The economics of acquired knowledge(rev).
“Perfect adaptation to any environment is achieved by a total channeling of energies and vital force that amounts to a kind of static terminus for a creature. Even slight changes in the environment of the very well adjusted find them without any resource to mmet new challenge. Such is the plight of the representatives of ‘conventional wisdom’ in any society. Their entire stake of security and status is in a single form of acquired knowledge, so that innovation is for them not novelty but annihilation.“ (Marshall Mcluhan, Understanding Media, 69)
I’m sure this passage speaks to a lot of different people on a lot of different levels. I myself find it profoundly relatable to the deeply conservative musical environment I encountered during my conservatory/university years. Musicians coming of age in this time are faced with the challenge of having to enter into this environment and then deciding to what extent they will let the sightlines of their musical development be shaped by the demands placed on them by the environment. In a musician’s life of uncertain place or position, perfect adaptation to the institutionalized musical world can certainly have its appeal, and so the struggle for artistic development becomes the struggle for anticipating and realizing the ideologies of whatever professors and panels/committees/adjudicators to whom they’ll apply for conferral of legitimacy and status. And for those that go through it and do adapt, their position as a kind of musical leader will depend on the acquired values and conventions which were the product of that adaptation. Naturally such a person will be quite hostile to any kind of innovation or change, for it will amount to the renunciation of precisely that accrued ‘knowledge’ which is the foundation of their claim to musical merit. Those panels and committees aggressively promote shared values, as anyone coming up in the academic music world can attest.
A person can become so preoccupied with optimal functioning within this environment so as to really have no aspirations or direction, or even value (if I may be a little unkind) apart from it. What is an artist really if not an expeditionary? There’s a Kafka parable which gets right at the heart of it, the one where the people have a choice to be kings or else to be couriers of kings. They all choose to be couriers and so go around shouting meaningless messages to each other.
Economics is a good word for it, It’s a bit like investing in stock, if everyone invests in something it has great value, if people stop investing in it then the holders find themselves with very little. I encountered this when I started to study 18th and 19th century performance practice and learned that many of the performance conventions that overwhelmingly predominate in our time are based in habits that formed around the mid-point of this century, and seem not to resemble much of what we can know about the musical cultures in which these classical works were spawned. Naturally, those venerable professors whose sole source of acquired knowledge rests in the perfect absorption of mid-century performing conventions are incredibly hostile to such sentiments, or to any suggestion that we (the people) should stray the slightest bit from prescribed and collectively accepted performance concepts.

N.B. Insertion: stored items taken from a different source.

Lemma is_derive_monomial_pseries (a : nat -> R) n s :
  (forall x, Rabs x < 1 -> Rbar_lt (Rabs x) (CV_radius a)) -> Rabs s < 1 ->
  is_derive (fun u => u ^ n * PSeries a (u ^ 2)) s
    (INR n * s ^ pred n * PSeries a (s ^ 2)
     + s ^ n * (2 * s * PSeries (PS_derive a) (s ^ 2))).
Proof.
  intros Hr Hs.
  assert (Hsq : is_derive (fun u : R => u ^ 2) s (2 * s))
    by (auto_derive; [exact I | ring]).
  pose proof (is_derive_comp (PSeries a) (fun u => u ^ 2) s _ _
                (is_derive_PSeries a (s ^ 2) (Hr _ (sq_lt_1 s Hs))) Hsq) as Hcomp.
  pose proof (is_derive_pow (fun u => u) n s 1 (is_derive_id s)) as Hpow.
  pose proof (Derive.is_derive_mult _ _ s _ _ Hpow Hcomp) as H.
  simpl in H. rewrite Rmult_1_r in H. exact H.
Qed.

Definition asin_pow_expansion (m : nat) : Prop :=
  forall t, Rabs t < 1 -> sqrt (1 - t ^ 2) * (t ^ m * aser m (t ^ 2)) = asin t ^ m.

(* Integrating the expansion of (asin t)^m / sqrt(1 - t^2) term by term. *)
Lemma asin_pow_primitive m : asin_pow_expansion m ->
  forall t, Rabs t < 1 -> INR (m + 1) * (t ^ (m + 1) * iser m (t ^ 2)) = asin t ^ (m + 1).
Proof.
  intros IH.
  apply eq_of_same_derivative with (df := fun s => INR (m + 1) * / sqrt (1 - s ^ 2) * asin s ^ m).
  - intros s Hs.
    pose proof (is_derive_scal _ s (INR (m + 1)) _
      (is_derive_monomial_pseries (icoef m) (m + 1) s (radius_icoef m) Hs)) as H.
    fold (iser m (s ^ 2)) (diser m (s ^ 2)) in H.
    replace (pred (m + 1)) with m in H by lia.
    match type of H with is_derive _ _ ?d =>
      replace (INR (m + 1) * / sqrt (1 - s ^ 2) * asin s ^ m) with d; [exact H|] end.
    rewrite <- (IH s Hs), <- (iser_primitive m (s ^ 2) (sq_lt_1 s Hs)).
    pose proof (sqrt_lt_R0 _ (one_minus_sq_pos s Hs)).
    rewrite pow_add. simpl (s ^ 1). field. lra.
  - intros s Hs. replace m with (pred (m + 1)) at 2 by lia.
    apply is_derive_asin_pow, Hs.
  - rewrite !pow_i, asin_0, pow_i by lia. ring.
Qed.

Lemma euler_form_asin m s : Rabs s < 1 ->
  (forall j, (j < m)%nat -> asin_pow_expansion j) ->
  (1 - s ^ 2) * (INR m * s ^ pred m * aser m (s ^ 2) + s ^ m * (2 * s * daser m (s ^ 2)))
  - s * (s ^ m * aser m (s ^ 2)) = INR m * asin s ^ pred m.
Proof.
  intros Hs IH. pose proof (sq_lt_1 s Hs) as Hsq.
  destruct m as [|[|m]].
  - pose proof (aser_0_ode (s ^ 2) Hsq) as Hode. simpl pred. simpl INR.
    transitivity (s * (2 * (1 - s ^ 2) * daser 0 (s ^ 2) - aser 0 (s ^ 2))); [ring|].
    rewrite Hode. ring.
  - pose proof (euler_form_one (s ^ 2) Hsq) as Hone. unfold euler_form in Hone.
    simpl pred. simpl pow in *. simpl INR in *. lra.
  - replace (S (S m)) with (m + 2)%nat by lia.
    replace (pred (m + 2)) with (m + 1)%nat by lia.
    transitivity (s ^ (m + 1) * euler_form (m + 2) (s ^ 2)).
    { unfold euler_form. rewrite !pow_add. simpl. ring. }
    rewrite euler_form_high, <- (asin_pow_primitive m (IH m ltac:(lia)) s Hs) by exact Hsq.
    rewrite !mult_INR, !plus_INR. simpl. ring.
Qed.

(* The main identity, by strong induction on m: both sides vanish or equal 1
   at 0 and have the same derivative. *)
Lemma asin_pow_expansion_holds m : asin_pow_expansion m.
Proof.
  induction m as [m IH] using (well_founded_induction Wf_nat.lt_wf).
  unfold asin_pow_expansion.
  apply (eq_of_same_derivative (fun u => sqrt (1 - u ^ 2) * (u ^ m * aser m (u ^ 2)))
           (fun u => asin u ^ m) (fun s => INR m * / sqrt (1 - s ^ 2) * asin s ^ pred m)).
  - intros s Hs.
    pose proof (Derive.is_derive_mult _ _ s _ _ (is_derive_sqrt_one_minus_sq s Hs)
      (is_derive_monomial_pseries (acoef m) m s (radius_acoef m) Hs)) as H.
    fold (aser m (s ^ 2)) (daser m (s ^ 2)) in H.
    match type of H with is_derive _ _ ?d =>
      replace (INR m * / sqrt (1 - s ^ 2) * asin s ^ pred m) with d; [exact H|] end.
    pose proof (one_minus_sq_pos s Hs) as Hpos.
    pose proof (sqrt_lt_R0 _ Hpos). pose proof (sqrt_sqrt (1 - s ^ 2) ltac:(lra)) as Hsqrt.
    apply (Rmult_eq_reg_l (sqrt (1 - s ^ 2))); [|lra].
    transitivity (INR m * asin s ^ pred m); [|field; lra].
    rewrite <- (euler_form_asin m s Hs IH). fold (aser m (s ^ 2)).
    set (q := sqrt (1 - s ^ 2)) in *. rewrite <- Hsqrt. field. lra.
  - intros s Hs. apply is_derive_asin_pow, Hs.
  - destruct m as [|m].
    + unfold aser. simpl. rewrite Rmult_0_l, PSeries_0, acoef_0, Rminus_0_r, sqrt_1. ring.
    + rewrite !pow_i, asin_0, pow_i by lia. ring.
Qed.

Theorem corollary2p1 (m : nat) (t : R) (ht : Rabs t < 1) :
  ex_series (fun k => cor_term m t (S k)) /\
  (asin t) ^ m / sqrt (1 - t ^ 2)
  = t ^ m * (1 + Series (fun k => cor_term m t (S k))).
Proof.
  (* The series of the statement is the tail of aser m (t^2). *)
  pose proof (is_pseries_tail _ _ _ (aser_correct m (t ^ 2) (sq_lt_1 t ht))) as Htail.
  rewrite acoef_0 in Htail.
  assert (Hser : is_series (fun k => cor_term m t (S k)) (aser m (t ^ 2) - 1)).
  { eapply is_series_ext; [|exact Htail]. intros k. symmetry. apply cor_term_as_acoef. }
  split; [eexists; exact Hser|].
  rewrite (is_series_unique _ _ Hser), <- (asin_pow_expansion_holds m t ht).
  pose proof (sqrt_lt_R0 _ (one_minus_sq_pos t ht)).
  field. lra.
Qed.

Of course, predictably a new economy has sprung up around the acquired knowledge of performance practice, with values just as deeply conservative as any more traditional conservatory example.
It’s why so many people admire Bob Dylan actually, the quintessential example of avoiding at all cost any kind of static terminus. How does the song go…. “you must leave now, take what you need, you think will last.” The kind of adaptation Mcluhan talks about precludes the possibility of any thought of “leaving.” In a letter to Milton Babbitt I found myself saying “I realize I’m speaking to the original Magi captain himself.” Gosh, we need people like this!